In the coming decades, AI systems could be invented that outperform humans on most tasks, including strategy, persuasion, economic productivity, scientific research and development, and AI design. We don't know how to align such systems with the intentions of their users, even when those intentions are good. This could lead to catastrophic outcomes.
The research field of AI safety was founded to prevent such disasters, and enable humanity to use the enormous potential of advanced AI to solve problems and improve the world. There are many kinds of AI risk, but the kind that this website focuses on, because it seems both plausible and extreme in scope, is existential risk from misaligned AI systems disempowering or killing humanity.
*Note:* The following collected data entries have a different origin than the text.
Lemma det_gram_bound p n (G : 'M[R]_(p, n)) :
  0 <= \det (G *m G^T) <= \prod_(i < p) sqnorm (row i G).
Proof.
elim: p G => [|p IH] G; first by rewrite det_mx00 big_ord0 lexx ler01.
rewrite -[G](@vsubmxK _ 1 p); set g := usubmx _; set G' := dsubmx _.
have -> : \prod_(i < 1 + p) sqnorm (row i (col_mx g G')) =
          sqnorm g * \prod_(i < p) sqnorm (row i G').
  rewrite big_split_ord big_ord1 (@rowKu _ 1) /=; congr (_ * _).
    by congr sqnorm; apply/matrixP => ? ?; rewrite !mxE !ord1.
  by apply: eq_bigr => i _; rewrite (@rowKd _ 1).
have /andP [del_ge0 del_le] := IH G'.
have [del0 | del_neq0] := eqVneq (\det (G' *m G'^T)) 0.
  by rewrite det_gram_col_mx_eq0 // lexx mulr_ge0 ?sqnorm_ge0 // (le_trans del_ge0).
have del_gt0 : 0 < \det (G' *m G'^T) by rewrite lt_def del_neq0.
have key := det_gram_col_mx g del_neq0.
apply/andP; split; first by rewrite -(pmulr_rge0 _ del_gt0) key sqnorm_ge0.
rewrite -(ler_pM2l del_gt0) key (le_trans (sqnorm_gram_step _ _)) // expr2 -mulrA.
by rewrite ler_pM2l // mulrC ler_wpM2l ?sqnorm_ge0.
Qed.

Lemma hadamard n (A : 'M[R]_n) :
  \det A ^+ 2 <= \prod_(j < n) \sum_(i < n) A i j ^+ 2.
Proof.
have -> : \prod_(j < n) \sum_(i < n) A i j ^+ 2 = \prod_(j < n) sqnorm (row j A^T).
  by apply: eq_bigr => j _; apply: eq_bigr => i _; rewrite !mxE.
by have /andP [_] := det_gram_bound A^T; rewrite trmxK det_mulmx det_tr -expr2.
Qed.

End Hadamard.

Definition ratmx p q (A : 'M[int]_(p, q)) : 'M[rat]_(p, q) := map_mx intr A.

Lemma ratmxM p q r (A : 'M[int]_(p, q)) (B : 'M[int]_(q, r)) :
  ratmx (A *m B) = ratmx A *m ratmx B.
Proof. exact: map_mxM. Qed.

Lemma row_free_ratmx k (A : 'M[int]_k) : row_free (ratmx A) = (\det A != 0).
Proof. by rewrite row_free_unit unitmxE unitfE det_map_mx intr_eq0. Qed.

Lemma ler_sqr_norm (R : realDomainType) (x b : R) : `|x| <= b -> x ^+ 2 <= b ^+ 2.
Proof.
move=> xb; rewrite -real_normK ?num_real // lerXn2r ?nnegrE //.
exact: le_trans xb.
Qed.

Lemma hadamard_int n (A : 'M[int]_n) :
  \det A ^+ 2 <= \prod_(j < n) \sum_(i < n) A i j ^+ 2.
Proof.
rewrite -(ler_int rat) rmorphXn /= -det_map_mx rmorph_prod /=.
apply: le_trans (hadamard _) _; rewrite le_eqVlt; apply/orP; left; apply/eqP.
by apply: eq_bigr => j _; rewrite rmorph_sum; apply: eq_bigr => i _; rewrite mxE rmorphXn.
Qed.

Lemma det_mul_thin_int p q (A : 'M[int]_(p, q)) (B : 'M[int]_(q, p)) :
  (q < p)%N -> \det (A *m B) = 0.
Proof.
move=> lt_qp; apply/eqP; apply: contraTT lt_qp; rewrite -row_free_ratmx ratmxM.
by move=> /eqP rkAB; rewrite -leqNgt -{1}rkAB (leq_trans (mxrankM_maxl _ _)) ?rank_leq_col.
Qed.

Lemma prod_sum_sqr_le p q (A : 'M[int]_(p, q)) (M : int) :
  (forall i j, `|A i j| <= M) ->
  \prod_(j < q) \sum_(i < p) A i j ^+ 2 <= (M ^+ 2 *+ p) ^+ q.
Proof.
move=> A_le; rewrite -[q in _ ^+ q]card_ord -prodr_const.
apply: ler_prod => j _; rewrite sumr_ge0 => [|i _]; last exact: sqr_ge0.
rewrite -[p in _ *+ p]card_ord -sumr_const.
by apply: ler_sum => i _; apply: ler_sqr_norm.
Qed.

Lemma hadamard_int_bound p (A : 'M[int]_p) (M : int) :
  (forall i j, `|A i j| <= M) -> \det A ^+ 2 <= (M ^+ 2 *+ p) ^+ p.
Proof. by move=> A_le; apply: le_trans (hadamard_int A) (prod_sum_sqr_le A_le). Qed.

Lemma hadamard_block_int k (r : 'rV[int]_k) (c : 'cV[int]_k) (A : 'M[int]_k) :
  \det (block_mx 0 r c A) ^+ 2 <=
  (\sum_(i < k) c i ord0 ^+ 2) * \prod_(j < k) \sum_(i < 1 + k) col_mx r A i j ^+ 2.
Proof.
apply: le_trans (hadamard_int _) _; rewrite big_split_ord big_ord1 block_mxEh /=.
rewrite le_eqVlt; apply/orP; left; apply/eqP; congr (_ * _).
  rewrite big_split_ord big_ord1 /= row_mxEl (@col_mxEu _ 1) mxE expr0n add0r.
  by apply: eq_bigr => i _; rewrite row_mxEl (@col_mxEd _ 1).
by apply: eq_bigr => j _; apply: eq_bigr => i _; rewrite row_mxEr.
Qed.

Lemma det_block_corner (R : comPzRingType) k (a : R) (r : 'rV[R]_k) (c : 'cV[R]_k)
    (A : 'M[R]_k) :
  \det (block_mx a%:M r c A) = \det (block_mx 0 r c A) + a * \det A.
Proof.
have := @determinant_multilinear _ _ (block_mx a%:M r c A)
  (block_mx 0 r c A) (block_mx 1 0 c A) (lshift k ord0) 1 a.
rewrite det_lblock det1 !mul1r; apply.
- rewrite !block_mxEv !(@rowKu _ 1 k) !row_row_mx scale1r !scale_row_mx add_row_mx.
  congr row_mx; apply/matrixP => i j; rewrite !mxE ?ord1 /=.
    by rewrite add0r mulr1.
  by rewrite mulr0 addr0.
- rewrite !block_mxEv !row'Ku (flatmx0 (row' _ (row_mx 0 r))).
  by rewrite (flatmx0 (row' _ (row_mx _ r))) ?(flatmx0 (row' _ (row_mx 1 0))).
- rewrite !block_mxEv !row'Ku (flatmx0 (row' _ (row_mx _ r))).
  by rewrite (flatmx0 (row' _ (row_mx (1 : 'M_1) (0 : 'M_(1, k))))).
Qed.

Lemma ler_expMn (x : int) a b : 1 <= x -> (a <= b)%N -> (x *+ a) ^+ a <= (x *+ b) ^+ b.
Proof.
move=> x_ge1 le_ab; have x_ge0 : 0 <= x := le_trans ler01 x_ge1.
have xn_ge1 n : (0 < n)%N -> 1 <= x *+ n.
  by move=> n_gt0; rewrite (le_trans x_ge1) // -{1}[x]mulr1n ler_wpMn2l.
case: a le_ab => [|a] le_ab; first by case: b {le_ab} => [|b]; rewrite ?expr0 ?exprn_ege1 ?xn_ge1.
apply: le_trans (ler_weXn2l (xn_ge1 _ (leq_trans _ le_ab)) le_ab) => //.
by rewrite lerXn2r ?nnegrE ?mulrn_wge0 ?ler_wpMn2l.
Qed.

Section Walks.
Variables (d n m : nat) (src tgt : 'I_m -> 'I_n) (shift : 'I_m -> 'cV[int]_d).
Variable live : pred 'I_m.

(* A dart is an edge traversed forwards ([true]) or backwards ([false]). *)
Definition dart := ('I_m * bool)%type.
Definition dsrc (a : dart) := if a.2 then src a.1 else tgt a.1.
Definition dtgt (a : dart) := if a.2 then tgt a.1 else src a.1.
Definition dshift (a : dart) := if a.2 then shift a.1 else - shift a.1.
Definition dflip (a : dart) : dart := (a.1, ~~ a.2).

Lemma dsrc_flip a : dsrc (dflip a) = dtgt a. Proof. by case: a => ? []. Qed.
Lemma dtgt_flip a : dtgt (dflip a) = dsrc a. Proof. by case: a => ? []. Qed.
Lemma dshift_flip a : dshift (dflip a) = - dshift a.
Proof. by case: a => ? []; rewrite /dshift /= ?opprK. Qed.

Fixpoint walk (x : 'I_n) (s : seq dart) (y : 'I_n) : Prop :=
  if s is a :: s' then [/\ live a.1, dsrc a = x & walk (dtgt a) s' y] else x = y.

Definition wsum (s : seq dart) : 'cV[int]_d := \sum_(a <- s) dshift a.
Examples of work on AI existential safety are
-
Agent foundations: Understanding what intelligence and agency are at a fundamental level
-
Prosaic alignment: Developing methods like debate and iterated distillation and amplification to align more powerful versions of current AI techniques
-
AI policy and governance: Setting up institutions and mechanisms that cause the major actors to implement good AI safety practices
Examples of work from the broader AI safety field are
-
Getting content recommender systems to not radicalize their users
-
Ensuring autonomous cars don’t kill people
-
Advocating strict regulations for lethal autonomous weapons
Some research is useful both for addressing existential risk and smaller-scale bad outcomes:
-
Robustness to distribution shift: making AI systems more able to function reliably outside of the context they were trained in
-
Interpretability: giving humans insight into the inner workings of AI systems such as neural networks
This website is designed as a single point of access where people can read summaries and find links to the best information on concepts related to AI existential safety. The goal is to help enable readers to contribute to the effort to ensure that humanity avoids these risks and reaches a wonderful future.